Elliott was fortunate that his head coaching career was pretty much over by the time social media platforms like Twitter had taken off in Australia.

Anonymous trolls spewing hatred towards athletes, coaches and officials is a problem which is getting worse with several NRL players being subjected to death threats in recent years.

Like he does with most topics, Elliott looks at this dilemma from a different perspective but is ultimately pragmatic about dealing with it.

“Pressure is expectation plus scrutiny,” he said. “If you look at social media now, expectation to perform is the same as it’s ever been but scrutiny has gone way up. 

“People are on it all the time, the consequences are you get the adulation as well as the criticism. I don’t think people are too interested in analysis anymore – they’re interested in ‘this is a joke’ and ‘these people should get the sack’, blah blah, blah. 

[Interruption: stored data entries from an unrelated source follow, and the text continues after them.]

Lemma deg_prefix_lt2 v :
  (deg_in (take (index g0 s) s) v < 2) = (v \in g0) && precedes g0 (chords_at v) s.
Proof.
rewrite /deg_in prefix_edges_at cardsU.
have -> : (edges_at H v :\ g0) :&: [set f in chords_at v | index f s < index g0 s] = set0.
  by apply/setP => f; rewrite !inE; case: (f \in H); rewrite ?andbF.
have Hv : #|edges_at H v :\ g0| = 2 - (v \in g0).
  by rewrite -(Hdeg v) (cardsD1 g0 (edges_at H v)) !inE g0H addKn.
rewrite cards0 subn0 Hv; case: (v \in g0) => /=; last by rewrite subn0 ltnNge leq_addr.
rewrite subn1 add1n !ltnS leqn0 cards_eq0; apply/eqP/forall_inP => [early f fch|late].
  rewrite ltnNge leq_eqVlt; apply/negP => /orP[/eqP eq_idx|lt].
    move: fch; rewrite in_setD in_set => /andP[/negP fH /andP[fE _]]; apply: fH.
    have [fs g0s] : f \in s /\ g0 \in s by rewrite !s_edges fE Hsub.
    by rewrite (index_inj f fs g0s eq_idx).
  by move/setP: early => /(_ f); rewrite in_set in_set0 fch lt.
apply/setP => f; rewrite in_set in_set0; apply/negP => /andP[fch lt].
by move: (late f fch); rewrite ltnNge ltnW.
Qed.

Lemma ham_sub_G_omega :
  (H \subset G_omega s) = [exists v in g0, precedes g0 (chords_at v) s].
Proof.
have H_before h : h \in H -> index h s <= index g0 s.
  move=> hH; have [->//|hg0] := eqVneq h g0.
  by move/forall_inP: g0_last => /(_ h hH); rewrite hg0 => /ltnW.
have -> : (H \subset G_omega s) = (index g0 s < stop_index s).
  have inG f : f \in H -> (f \in G_omega s) = (index f s < stop_index s).
    by move=> fH; rewrite inE in_take // s_edges Hsub.
  apply/subsetP/idP => [sub | lt h hH]; first by rewrite -inG ?sub.
  by rewrite inG //; apply: leq_ltn_trans (H_before h hH) lt.
rewrite /stop_index (@ltn_find_iota _ (index g0 s).+1).
- rewrite /mindeg2 negb_forall; apply: eq_existsb => v.
  by rewrite -ltnNge deg_prefix_lt2.
- move=> i j ij; apply/implyP => /forallP deg2; apply/forallP => v.
  apply: leq_trans (deg2 v) _; apply: subset_leq_card; apply/subsetP => f.
  by rewrite !inE -(take_takel s ij) => /andP[/mem_take -> ->].
- apply/forallP => v; rewrite /deg_in -(Hdeg v); apply: subset_leq_card.
  apply/subsetP => f; rewrite !inE => /andP[fH ->]; rewrite andbT.
  by rewrite in_take ?s_edges ?Hsub // ltnS H_before.
by rewrite ltnS index_mem s_edges Hsub.
Qed.

End LastEdgeOf.

Lemma incl_excl_ordering : H != set0 ->
  (H \subset G_omega s) + \sum_(g in H) (last_of H g s && precedes g (chords_near g) s) =
  \sum_v \sum_(g in H | v \in g) (last_of H g s && precedes g (chords_at v) s).
Proof.
case/last_of_exists => g0 g0H g0_last.
(* Only g0 contributes to the sums; with g0 = {a, b} the identity reads
   [A || B] + [A && B] = A + B. *)
have lastE g : g \in H -> last_of H g s = (g == g0).
  move=> gH; apply/idP/eqP => [g_last|->//]; exact: last_of_unique.
have sum_last (P : pred {set T}) (F : {set T} -> bool) :
    \sum_(g in H | P g) (last_of H g s && F g) = P g0 && F g0.
  rewrite (eq_bigr (fun g => nat_of_bool ((g == g0) && F g))) => [|g /andP[gH _]]; last first.
    by rewrite lastE.
  case Pg0: (P g0); last by rewrite big1 // => g /andP[_]; case: eqVneq => // ->; rewrite Pg0.
  by rewrite (bigD1 g0) ?g0H ?Pg0 //= eqxx big1 ?addn0 // => g /andP[_ /negbTE->].
rewrite (eq_bigl (fun g => (g \in H) && predT g)) => [|g]; last by rewrite andbT.
rewrite sum_last (eq_bigr (fun v => if v \in g0 then nat_of_bool (precedes g0 (chords_at v) s)
                                     else 0)) => [|v _]; last by rewrite sum_last; case: (v \in g0).
  rewrite (ham_sub_G_omega g0H g0_last) /chords_near precedes_bigcup -big_mkcond /=.
  have [a [b [ab ->]]] := edge_set2 (Hsub g0H).
  rewrite big_setU1 ?inE //= big_set1.
  set Pa := precedes _ (chords_at a) s; set Pb := precedes _ (chords_at b) s.
  have -> : [exists v in [set a; b], precedes [set a; b] (chords_at v) s] = Pa || Pb.
    by apply/exists_inP/orP => [[v /set2P[]-> Pv]|[Pa_|Pb_]]; [left|right|exists a|exists b];
      rewrite ?set21 ?set22.
  have -> : [forall v in [set a; b], precedes [set a; b] (chords_at v) s] = Pa && Pb.
    apply/forall_inP/andP => [Pv|[Pa_ Pb_] v /set2P[]-> //].
    by split; apply: Pv; rewrite ?set21 ?set22.
  by case: Pa; case: Pb.
Qed.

“There’s nothing in life of consequence that can’t be achieved unless there’s pressure on it. But it’s there all the time now, the frequency has gone up because you can’t escape it if you’re always on your phone.

MELBOURNE, AUSTRALIA - APRIL 21: Matthew Elliott the coach of the Panthers watches from the sidelines during the round six NRL match between the Melbourne Storm and the Penrith Panthers at Olympic Park on April 21, 2007 in Melbourne, Australia. (Photo by Quinn Rooney/Getty Images)

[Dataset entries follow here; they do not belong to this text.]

Lemma ncycles1P a x : reflect (ncycles a = 1) (is_ncycle a).
Proof.
have n_gt0 : 0 < n by apply: leq_ltn_trans (ltn_ord x).
apply: (iffP (is_ncycleP a x)) => [ax | /eqP/cards1P[O aO]].
  apply/eqP; rewrite eqn_leq ncycles_gt0 // andbT -(cards1 (porbit a x)).
  apply/subset_leq_card/subsetP => _ /imsetP[y _ ->]; rewrite inE.
  by rewrite eq_porbit_mem ax inE.
apply/setP => y; rewrite inE.
have /[!aO] /set1P Oy : porbit a y \in porbits a by apply: imset_f.
have /[!aO] /set1P Ox : porbit a x \in porbits a by apply: imset_f.
by rewrite Ox -Oy porbit_id.
Qed.

(* Multiplying by a transposition (x y) splits a cycle when x, y lie in the
   same cycle and merges two cycles otherwise. *)
Lemma ncycles_mul_tperm a x y :
  ncycles (tperm x y * a)%g + (x \notin porbit a y).*2 = ncycles a + (x != y).
Proof. exact: porbits_mul_tperm. Qed.

Lemma ncycles_split a x y : x != y -> x \in porbit a y ->
  ncycles (tperm x y * a)%g = (ncycles a).+1.
Proof. by move=> xy xa; have := ncycles_mul_tperm a x y; rewrite xa xy /=; lia. Qed.

Lemma ncycles_merge a x y : x \notin porbit a y ->
  (ncycles (tperm x y * a)%g).+1 = ncycles a.
Proof.
move=> xa; have xy : x != y by apply: contraNneq xa => ->; apply: porbit_id.
by have := ncycles_mul_tperm a x y; rewrite xa xy /=; lia.
Qed.

Lemma ncycles_tperm_le a x y : ncycles (tperm x y * a)%g <= (ncycles a).+1.
Proof. by have := ncycles_mul_tperm a x y; case: (x != y); case: (x \in _) => /=; lia. Qed.

Lemma ncycles_tperm_gt a x y : (ncycles a).+1 <= ncycles (tperm x y * a)%g ->
  (x != y) && (x \in porbit a y).
Proof. by have := ncycles_mul_tperm a x y; case: (x != y); case: (x \in _) => /=; lia. Qed.

End CycleCount.

Inductive splits n (a : 'S_n) : 'S_n -> Prop :=
| splits_refl : splits a a
| splits_step b x y : splits a b -> x != y -> x \in porbit b y ->
    splits a (tperm x y * b)%g.

Section SplitChains.
Variable n : nat.
Implicit Types (a b c : 'S_n) (x y : 'I_n).

Lemma splits_trans a b c : splits a b -> splits b c -> splits a c.
Proof. by move=> ab; elim=> // d x y _ IH xy xd; apply: splits_step. Qed.

Lemma splits_ncycles a b : splits a b -> a = b \/ ncycles a < ncycles b.
Proof.
elim=> [|c x y _ IH xy xc]; first by left.
by right; rewrite ncycles_split //; case: IH => [->|]; lia.
Qed.

Lemma splits_last a b : splits a b -> a <> b ->
  exists2 c, splits a c /\ splits c b & ncycles b = (ncycles c).+1.
Proof.
case=> [//|c x y ac xy xc] _; exists c; last by rewrite ncycles_split.
by split=> //; apply: splits_step (splits_refl c) _ _.
Qed.

Lemma splits_down a : 1 < ncycles a ->
  exists2 b, splits b a & ncycles a = (ncycles b).+1.
Proof.
move=> /card_gt1P[_ [_ [/imsetP[x _ ->] /imsetP[y _ ->] xy]]].
have {xy} xa : x \notin porbit a y by rewrite -eq_porbit_mem.
set b := (tperm x y * a)%g; have ab : a = (tperm x y * b)%g.
  by rewrite /b mulgA tperm2 mul1g.
have ncb := ncycles_merge xa; rewrite -/b in ncb.
exists b; last by [].
have /andP[xy xb] : (x != y) && (x \in porbit b y).
  by apply: ncycles_tperm_gt; rewrite -ab ncb.
by rewrite ab; apply: splits_step (splits_refl b) _ _.
Qed.

Lemma splits_from_ncycle a : 0 < n -> exists2 b, ncycles b = 1 & splits b a.
Proof.
move=> n_gt0; have [m] := ubnP (ncycles a); elim: m a => // m IH a.
case: (ltnP 1 (ncycles a)) => [a_gt1 a_lt|a_le1 _].
  have [b ba ab] := splits_down a_gt1.
  have [|c c1 cb] := IH b; first lia.
  by exists c => //; apply: splits_trans cb ba.
by exists a; [have := ncycles_gt0 a n_gt0; lia | apply: splits_refl].
Qed.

Matt Elliott watches from the sidelines during his stint as Panthers coach in 2007. (Photo by Quinn Rooney/Getty Images)

“It’s elevated on your family and all the people around you. It used to be that you had to make a conscious decision to look online but now it’s the opposite.”

He wouldn’t recommend players get off social media altogether, which the likes of Blues coach Brad Fittler and Immortal halfback Andrew Johns have recently advocated.

“I’m more on the side of forewarning the players early. If you’re going to be an NRL player you’re not a normal part of the community. Sorry, but you’re not,” he said. 

“You’ve got to realise that people are going to write stuff that has got nothing to do with you. It’s got your name on it but it’s got everything to do with them and their opinion.

“You need to go through a real robust education system that needs to be revisited so that you’re aware of this. You’re not going to get through your NRL career without a bad loss or a bad period and that’s what you’re going to have to put up with.

“It’s a great job but if you don’t want to be subjected to that, go find something else to do. I wish there weren’t [trolls] but it doesn’t matter what I wish, somehow the scrutiny on expectations is probably going to go up.”